Exercise requirements:
Collect each line of the records containing the string "Hypothesis".

Records:
"""

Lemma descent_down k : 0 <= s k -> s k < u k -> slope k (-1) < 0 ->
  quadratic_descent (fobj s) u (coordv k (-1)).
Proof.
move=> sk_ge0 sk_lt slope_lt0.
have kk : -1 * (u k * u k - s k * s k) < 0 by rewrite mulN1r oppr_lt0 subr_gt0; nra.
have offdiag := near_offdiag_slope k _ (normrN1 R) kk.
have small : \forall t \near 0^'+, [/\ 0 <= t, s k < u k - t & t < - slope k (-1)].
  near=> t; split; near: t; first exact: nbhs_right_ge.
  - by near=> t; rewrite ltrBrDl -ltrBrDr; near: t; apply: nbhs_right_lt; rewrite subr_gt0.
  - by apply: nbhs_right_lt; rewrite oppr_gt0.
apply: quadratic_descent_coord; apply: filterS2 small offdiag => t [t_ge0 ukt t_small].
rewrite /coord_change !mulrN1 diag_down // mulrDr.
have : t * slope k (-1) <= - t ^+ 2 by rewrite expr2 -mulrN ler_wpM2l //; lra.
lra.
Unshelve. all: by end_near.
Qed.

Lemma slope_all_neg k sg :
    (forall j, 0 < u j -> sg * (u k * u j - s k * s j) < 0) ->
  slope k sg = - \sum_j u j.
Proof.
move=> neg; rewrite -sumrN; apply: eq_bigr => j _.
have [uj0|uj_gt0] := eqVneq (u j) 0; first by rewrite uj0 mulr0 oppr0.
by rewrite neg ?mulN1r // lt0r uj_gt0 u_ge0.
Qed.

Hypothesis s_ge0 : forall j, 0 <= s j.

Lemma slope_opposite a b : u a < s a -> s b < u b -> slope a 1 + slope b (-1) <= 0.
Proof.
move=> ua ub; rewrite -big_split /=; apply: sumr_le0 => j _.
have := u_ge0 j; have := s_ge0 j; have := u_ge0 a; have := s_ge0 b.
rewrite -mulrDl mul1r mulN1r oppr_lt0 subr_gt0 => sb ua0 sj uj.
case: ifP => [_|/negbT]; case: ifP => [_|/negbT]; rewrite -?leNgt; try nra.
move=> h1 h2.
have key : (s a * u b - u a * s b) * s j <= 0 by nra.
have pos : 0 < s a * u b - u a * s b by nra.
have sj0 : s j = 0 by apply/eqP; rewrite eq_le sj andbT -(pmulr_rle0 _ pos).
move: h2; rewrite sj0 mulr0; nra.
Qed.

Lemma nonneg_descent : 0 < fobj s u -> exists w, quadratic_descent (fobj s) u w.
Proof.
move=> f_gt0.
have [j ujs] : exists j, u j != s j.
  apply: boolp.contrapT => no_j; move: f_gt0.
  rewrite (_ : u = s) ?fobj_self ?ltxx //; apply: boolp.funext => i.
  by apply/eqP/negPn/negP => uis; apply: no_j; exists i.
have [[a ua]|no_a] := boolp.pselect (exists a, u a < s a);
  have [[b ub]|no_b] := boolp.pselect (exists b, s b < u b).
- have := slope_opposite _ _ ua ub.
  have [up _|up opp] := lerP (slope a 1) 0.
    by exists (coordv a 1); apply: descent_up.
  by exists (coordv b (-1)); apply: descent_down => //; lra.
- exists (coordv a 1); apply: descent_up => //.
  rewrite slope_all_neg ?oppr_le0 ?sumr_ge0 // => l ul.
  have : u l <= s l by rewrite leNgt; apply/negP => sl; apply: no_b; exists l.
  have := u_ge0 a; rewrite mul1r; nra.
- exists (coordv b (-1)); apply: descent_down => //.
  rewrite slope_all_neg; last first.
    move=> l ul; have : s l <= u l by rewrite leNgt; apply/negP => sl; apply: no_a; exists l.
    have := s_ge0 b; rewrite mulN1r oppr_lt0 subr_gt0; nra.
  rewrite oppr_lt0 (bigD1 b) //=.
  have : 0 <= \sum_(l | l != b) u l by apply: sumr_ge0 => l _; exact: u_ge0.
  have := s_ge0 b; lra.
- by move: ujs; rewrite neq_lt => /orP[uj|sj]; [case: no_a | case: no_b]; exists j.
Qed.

"""
"""

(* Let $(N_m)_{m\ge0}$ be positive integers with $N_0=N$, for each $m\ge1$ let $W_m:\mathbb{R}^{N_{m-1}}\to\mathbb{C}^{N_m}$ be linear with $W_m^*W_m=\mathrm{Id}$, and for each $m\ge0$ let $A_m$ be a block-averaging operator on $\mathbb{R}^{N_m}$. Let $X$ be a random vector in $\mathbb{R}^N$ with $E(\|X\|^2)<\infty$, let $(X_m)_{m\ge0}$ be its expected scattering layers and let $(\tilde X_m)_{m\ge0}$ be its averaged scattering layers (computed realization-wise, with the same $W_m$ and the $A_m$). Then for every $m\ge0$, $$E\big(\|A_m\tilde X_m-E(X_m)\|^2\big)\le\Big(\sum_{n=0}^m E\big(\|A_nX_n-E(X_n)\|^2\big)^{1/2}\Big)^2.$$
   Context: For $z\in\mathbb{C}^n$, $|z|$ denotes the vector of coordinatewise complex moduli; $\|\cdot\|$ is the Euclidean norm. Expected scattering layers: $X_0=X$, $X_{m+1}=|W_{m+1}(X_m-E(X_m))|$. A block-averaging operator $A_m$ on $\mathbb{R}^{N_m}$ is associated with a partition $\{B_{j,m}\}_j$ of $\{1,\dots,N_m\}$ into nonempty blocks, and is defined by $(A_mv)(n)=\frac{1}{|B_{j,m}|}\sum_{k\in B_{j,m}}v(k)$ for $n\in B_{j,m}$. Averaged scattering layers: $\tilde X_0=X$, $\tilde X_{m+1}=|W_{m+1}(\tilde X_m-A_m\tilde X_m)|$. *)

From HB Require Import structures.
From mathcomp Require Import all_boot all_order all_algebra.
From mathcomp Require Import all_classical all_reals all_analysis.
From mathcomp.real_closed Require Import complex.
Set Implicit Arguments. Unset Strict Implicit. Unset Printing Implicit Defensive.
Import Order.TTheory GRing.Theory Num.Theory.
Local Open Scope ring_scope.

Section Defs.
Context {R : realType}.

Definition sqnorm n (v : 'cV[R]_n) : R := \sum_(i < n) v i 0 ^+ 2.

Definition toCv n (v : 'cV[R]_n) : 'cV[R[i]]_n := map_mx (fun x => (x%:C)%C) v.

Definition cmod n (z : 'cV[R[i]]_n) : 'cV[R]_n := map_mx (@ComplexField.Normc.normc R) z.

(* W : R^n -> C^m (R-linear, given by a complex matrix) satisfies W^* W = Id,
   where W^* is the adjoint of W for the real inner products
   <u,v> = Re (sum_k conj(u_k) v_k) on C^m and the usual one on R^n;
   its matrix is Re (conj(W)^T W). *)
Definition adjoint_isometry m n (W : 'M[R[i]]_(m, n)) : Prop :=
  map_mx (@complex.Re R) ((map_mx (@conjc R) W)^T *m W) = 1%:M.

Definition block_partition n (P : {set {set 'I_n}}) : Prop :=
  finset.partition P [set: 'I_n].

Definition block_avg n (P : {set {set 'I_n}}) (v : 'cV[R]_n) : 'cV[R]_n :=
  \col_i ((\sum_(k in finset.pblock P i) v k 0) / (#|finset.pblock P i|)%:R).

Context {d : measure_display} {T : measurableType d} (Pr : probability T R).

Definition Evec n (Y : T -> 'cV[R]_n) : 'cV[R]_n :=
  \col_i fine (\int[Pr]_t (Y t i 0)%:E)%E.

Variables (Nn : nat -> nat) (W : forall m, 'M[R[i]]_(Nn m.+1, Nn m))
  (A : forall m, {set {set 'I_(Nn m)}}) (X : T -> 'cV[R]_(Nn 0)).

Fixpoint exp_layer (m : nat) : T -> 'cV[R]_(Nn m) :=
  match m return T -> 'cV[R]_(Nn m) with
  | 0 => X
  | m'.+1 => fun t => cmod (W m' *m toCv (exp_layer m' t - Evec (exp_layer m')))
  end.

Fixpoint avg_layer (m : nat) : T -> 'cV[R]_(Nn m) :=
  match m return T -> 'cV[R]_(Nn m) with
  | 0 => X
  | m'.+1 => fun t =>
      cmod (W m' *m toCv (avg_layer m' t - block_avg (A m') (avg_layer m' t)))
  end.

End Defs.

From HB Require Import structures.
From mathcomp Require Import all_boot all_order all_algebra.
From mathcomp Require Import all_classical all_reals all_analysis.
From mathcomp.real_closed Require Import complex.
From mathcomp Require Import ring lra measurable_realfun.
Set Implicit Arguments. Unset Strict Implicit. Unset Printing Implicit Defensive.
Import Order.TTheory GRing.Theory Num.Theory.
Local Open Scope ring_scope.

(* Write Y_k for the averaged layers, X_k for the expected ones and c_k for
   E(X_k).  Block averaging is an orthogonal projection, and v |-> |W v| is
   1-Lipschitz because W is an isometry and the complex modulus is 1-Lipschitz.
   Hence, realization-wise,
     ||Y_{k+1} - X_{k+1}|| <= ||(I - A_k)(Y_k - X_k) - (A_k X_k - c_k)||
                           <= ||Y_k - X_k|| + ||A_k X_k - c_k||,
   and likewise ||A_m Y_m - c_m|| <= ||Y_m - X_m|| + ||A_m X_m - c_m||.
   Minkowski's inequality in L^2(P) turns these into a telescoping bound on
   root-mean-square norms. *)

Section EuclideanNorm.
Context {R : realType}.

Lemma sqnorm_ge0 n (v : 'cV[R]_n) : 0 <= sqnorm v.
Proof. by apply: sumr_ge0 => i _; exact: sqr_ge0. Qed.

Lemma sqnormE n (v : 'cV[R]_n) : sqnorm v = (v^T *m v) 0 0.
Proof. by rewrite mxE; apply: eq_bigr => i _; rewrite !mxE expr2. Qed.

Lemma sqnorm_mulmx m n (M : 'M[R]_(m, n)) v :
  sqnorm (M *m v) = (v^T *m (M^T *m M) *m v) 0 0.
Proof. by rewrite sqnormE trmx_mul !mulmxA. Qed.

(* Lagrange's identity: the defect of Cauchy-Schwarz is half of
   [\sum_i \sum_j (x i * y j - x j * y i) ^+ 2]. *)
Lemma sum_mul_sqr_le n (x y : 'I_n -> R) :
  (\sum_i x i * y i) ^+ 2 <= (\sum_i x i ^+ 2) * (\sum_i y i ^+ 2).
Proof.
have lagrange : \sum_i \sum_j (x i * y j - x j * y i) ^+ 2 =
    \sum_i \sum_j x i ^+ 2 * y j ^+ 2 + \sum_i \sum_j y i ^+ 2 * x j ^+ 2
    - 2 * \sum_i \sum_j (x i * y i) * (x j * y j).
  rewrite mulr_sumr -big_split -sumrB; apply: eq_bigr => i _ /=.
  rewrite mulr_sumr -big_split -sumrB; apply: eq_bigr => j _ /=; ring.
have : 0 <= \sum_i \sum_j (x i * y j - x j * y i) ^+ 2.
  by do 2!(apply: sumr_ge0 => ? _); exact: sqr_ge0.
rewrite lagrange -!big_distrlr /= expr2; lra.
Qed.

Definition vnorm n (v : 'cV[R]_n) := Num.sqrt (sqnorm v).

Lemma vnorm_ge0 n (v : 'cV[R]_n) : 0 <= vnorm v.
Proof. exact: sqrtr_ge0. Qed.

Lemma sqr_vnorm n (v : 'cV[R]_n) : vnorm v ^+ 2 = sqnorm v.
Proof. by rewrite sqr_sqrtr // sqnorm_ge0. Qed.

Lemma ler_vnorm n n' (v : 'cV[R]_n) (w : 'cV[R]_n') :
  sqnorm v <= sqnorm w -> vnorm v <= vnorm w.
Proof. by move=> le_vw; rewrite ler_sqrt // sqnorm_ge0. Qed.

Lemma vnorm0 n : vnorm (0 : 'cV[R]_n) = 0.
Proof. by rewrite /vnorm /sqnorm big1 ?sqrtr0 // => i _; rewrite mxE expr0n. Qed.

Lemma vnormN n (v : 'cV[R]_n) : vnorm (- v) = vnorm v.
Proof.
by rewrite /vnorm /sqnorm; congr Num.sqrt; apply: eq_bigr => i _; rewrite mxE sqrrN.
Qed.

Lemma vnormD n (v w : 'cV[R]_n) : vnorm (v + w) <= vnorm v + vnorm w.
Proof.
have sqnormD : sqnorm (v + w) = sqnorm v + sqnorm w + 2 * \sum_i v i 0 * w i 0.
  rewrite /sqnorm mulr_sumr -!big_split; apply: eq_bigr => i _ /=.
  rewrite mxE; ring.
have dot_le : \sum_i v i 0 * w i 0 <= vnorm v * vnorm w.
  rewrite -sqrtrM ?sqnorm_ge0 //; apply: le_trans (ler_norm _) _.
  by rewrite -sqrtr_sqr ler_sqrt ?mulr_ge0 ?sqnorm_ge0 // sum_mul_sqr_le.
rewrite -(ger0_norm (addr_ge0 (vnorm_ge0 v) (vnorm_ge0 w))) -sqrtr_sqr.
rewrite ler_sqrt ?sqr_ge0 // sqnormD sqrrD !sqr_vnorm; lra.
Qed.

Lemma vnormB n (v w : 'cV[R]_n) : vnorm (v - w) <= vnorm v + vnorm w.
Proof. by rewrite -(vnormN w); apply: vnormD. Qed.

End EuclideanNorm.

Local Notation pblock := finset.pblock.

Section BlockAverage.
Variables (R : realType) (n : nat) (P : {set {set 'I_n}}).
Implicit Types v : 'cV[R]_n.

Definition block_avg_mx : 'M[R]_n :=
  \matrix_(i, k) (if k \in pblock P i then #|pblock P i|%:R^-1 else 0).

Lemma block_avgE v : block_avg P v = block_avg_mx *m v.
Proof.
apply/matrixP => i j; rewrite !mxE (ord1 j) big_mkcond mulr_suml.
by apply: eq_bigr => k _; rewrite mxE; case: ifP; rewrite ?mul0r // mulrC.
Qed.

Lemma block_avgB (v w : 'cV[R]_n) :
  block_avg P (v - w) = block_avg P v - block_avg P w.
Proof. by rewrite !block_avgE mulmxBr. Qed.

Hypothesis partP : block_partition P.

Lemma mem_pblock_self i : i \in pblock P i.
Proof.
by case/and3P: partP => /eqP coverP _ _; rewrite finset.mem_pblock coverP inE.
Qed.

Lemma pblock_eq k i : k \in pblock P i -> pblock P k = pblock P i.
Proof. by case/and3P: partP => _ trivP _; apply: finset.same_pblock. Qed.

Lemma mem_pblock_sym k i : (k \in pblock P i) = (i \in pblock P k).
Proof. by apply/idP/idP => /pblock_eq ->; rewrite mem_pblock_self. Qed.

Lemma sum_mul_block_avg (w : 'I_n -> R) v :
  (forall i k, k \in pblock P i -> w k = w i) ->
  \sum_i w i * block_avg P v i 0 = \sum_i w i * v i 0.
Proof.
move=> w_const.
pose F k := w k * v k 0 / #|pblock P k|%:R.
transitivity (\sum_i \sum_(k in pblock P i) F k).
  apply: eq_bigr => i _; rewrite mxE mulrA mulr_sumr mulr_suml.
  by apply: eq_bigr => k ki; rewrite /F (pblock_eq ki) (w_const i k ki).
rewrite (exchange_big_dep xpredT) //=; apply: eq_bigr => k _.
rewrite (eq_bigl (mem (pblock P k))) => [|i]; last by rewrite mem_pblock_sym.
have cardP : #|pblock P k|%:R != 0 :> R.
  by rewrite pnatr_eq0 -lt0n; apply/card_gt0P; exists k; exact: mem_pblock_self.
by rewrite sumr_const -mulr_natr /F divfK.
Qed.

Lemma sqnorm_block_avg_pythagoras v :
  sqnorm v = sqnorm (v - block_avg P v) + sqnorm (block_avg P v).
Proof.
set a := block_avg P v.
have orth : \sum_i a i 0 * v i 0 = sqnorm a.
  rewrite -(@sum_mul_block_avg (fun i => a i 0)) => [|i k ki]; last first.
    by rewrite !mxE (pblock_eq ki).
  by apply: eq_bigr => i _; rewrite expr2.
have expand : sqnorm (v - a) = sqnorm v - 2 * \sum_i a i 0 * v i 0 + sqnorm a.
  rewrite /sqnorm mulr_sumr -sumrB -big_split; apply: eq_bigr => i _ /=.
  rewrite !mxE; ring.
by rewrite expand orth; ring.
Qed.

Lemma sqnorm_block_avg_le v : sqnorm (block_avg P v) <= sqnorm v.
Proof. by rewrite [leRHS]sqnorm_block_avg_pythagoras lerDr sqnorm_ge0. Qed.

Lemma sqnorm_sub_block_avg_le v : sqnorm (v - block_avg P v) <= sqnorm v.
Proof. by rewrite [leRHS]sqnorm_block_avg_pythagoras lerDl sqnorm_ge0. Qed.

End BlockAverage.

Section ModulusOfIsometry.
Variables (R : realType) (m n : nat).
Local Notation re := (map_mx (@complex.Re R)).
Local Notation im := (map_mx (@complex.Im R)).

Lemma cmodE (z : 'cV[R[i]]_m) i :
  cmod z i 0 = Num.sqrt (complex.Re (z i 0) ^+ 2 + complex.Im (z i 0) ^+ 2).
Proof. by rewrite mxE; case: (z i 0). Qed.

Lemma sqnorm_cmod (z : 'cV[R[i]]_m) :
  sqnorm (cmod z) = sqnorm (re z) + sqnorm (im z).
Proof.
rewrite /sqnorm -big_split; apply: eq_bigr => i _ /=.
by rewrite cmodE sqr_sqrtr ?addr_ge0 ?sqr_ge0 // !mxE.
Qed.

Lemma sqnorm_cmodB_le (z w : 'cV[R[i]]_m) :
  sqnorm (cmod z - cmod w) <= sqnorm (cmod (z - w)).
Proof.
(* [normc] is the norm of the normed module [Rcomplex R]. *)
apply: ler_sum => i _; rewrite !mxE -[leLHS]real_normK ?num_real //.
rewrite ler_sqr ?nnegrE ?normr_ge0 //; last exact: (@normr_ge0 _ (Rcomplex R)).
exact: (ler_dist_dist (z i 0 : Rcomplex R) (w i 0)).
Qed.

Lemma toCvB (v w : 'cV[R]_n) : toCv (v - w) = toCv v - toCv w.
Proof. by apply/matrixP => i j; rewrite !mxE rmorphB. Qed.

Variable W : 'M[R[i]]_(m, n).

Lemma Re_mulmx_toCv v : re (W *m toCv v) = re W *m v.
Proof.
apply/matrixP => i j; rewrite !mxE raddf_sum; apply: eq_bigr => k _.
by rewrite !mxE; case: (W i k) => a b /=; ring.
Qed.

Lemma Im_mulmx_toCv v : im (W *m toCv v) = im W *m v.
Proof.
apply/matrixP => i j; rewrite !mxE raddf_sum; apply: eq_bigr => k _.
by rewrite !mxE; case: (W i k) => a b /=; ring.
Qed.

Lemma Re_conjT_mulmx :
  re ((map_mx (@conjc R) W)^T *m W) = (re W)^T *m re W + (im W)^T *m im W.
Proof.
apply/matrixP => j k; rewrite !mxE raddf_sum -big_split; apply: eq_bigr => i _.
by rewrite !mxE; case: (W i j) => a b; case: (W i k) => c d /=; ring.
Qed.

"""
"""

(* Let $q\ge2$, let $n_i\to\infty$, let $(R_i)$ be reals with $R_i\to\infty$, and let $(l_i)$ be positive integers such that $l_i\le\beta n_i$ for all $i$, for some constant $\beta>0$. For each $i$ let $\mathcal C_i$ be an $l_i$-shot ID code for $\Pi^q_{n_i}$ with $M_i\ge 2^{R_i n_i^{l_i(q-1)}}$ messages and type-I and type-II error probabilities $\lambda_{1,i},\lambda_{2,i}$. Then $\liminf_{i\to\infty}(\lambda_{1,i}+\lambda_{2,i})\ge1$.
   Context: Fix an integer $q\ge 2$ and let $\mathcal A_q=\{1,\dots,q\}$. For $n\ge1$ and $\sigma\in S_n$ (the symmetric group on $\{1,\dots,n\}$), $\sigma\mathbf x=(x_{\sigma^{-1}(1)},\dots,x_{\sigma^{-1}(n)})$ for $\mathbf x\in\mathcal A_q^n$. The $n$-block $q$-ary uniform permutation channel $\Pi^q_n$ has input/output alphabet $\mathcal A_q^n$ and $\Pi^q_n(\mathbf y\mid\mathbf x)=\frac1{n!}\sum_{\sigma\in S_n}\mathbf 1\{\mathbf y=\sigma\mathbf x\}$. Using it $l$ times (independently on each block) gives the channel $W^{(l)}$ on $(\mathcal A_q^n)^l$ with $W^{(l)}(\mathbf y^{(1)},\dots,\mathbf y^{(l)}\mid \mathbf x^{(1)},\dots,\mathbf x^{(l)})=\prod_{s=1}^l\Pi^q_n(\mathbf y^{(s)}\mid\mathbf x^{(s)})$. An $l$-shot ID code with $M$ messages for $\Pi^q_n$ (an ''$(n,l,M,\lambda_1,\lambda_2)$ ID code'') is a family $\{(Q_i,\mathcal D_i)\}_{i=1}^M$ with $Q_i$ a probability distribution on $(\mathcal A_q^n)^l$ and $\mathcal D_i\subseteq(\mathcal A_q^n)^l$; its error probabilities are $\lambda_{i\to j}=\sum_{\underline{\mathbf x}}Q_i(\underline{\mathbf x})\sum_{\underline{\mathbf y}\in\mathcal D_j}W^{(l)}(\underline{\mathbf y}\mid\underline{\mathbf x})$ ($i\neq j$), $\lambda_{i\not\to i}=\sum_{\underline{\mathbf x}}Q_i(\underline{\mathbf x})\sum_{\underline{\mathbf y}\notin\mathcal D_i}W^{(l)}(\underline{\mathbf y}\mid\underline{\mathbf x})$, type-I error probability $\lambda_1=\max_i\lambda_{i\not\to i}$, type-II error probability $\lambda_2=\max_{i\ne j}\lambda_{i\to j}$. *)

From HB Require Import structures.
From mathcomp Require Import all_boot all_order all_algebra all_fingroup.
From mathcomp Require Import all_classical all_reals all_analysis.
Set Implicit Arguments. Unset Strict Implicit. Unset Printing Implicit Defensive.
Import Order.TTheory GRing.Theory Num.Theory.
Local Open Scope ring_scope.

"""

Response to this exercise:
Hypothesis s_ge0 : forall j, 0 <= s j.
Hypothesis partP : block_partition P.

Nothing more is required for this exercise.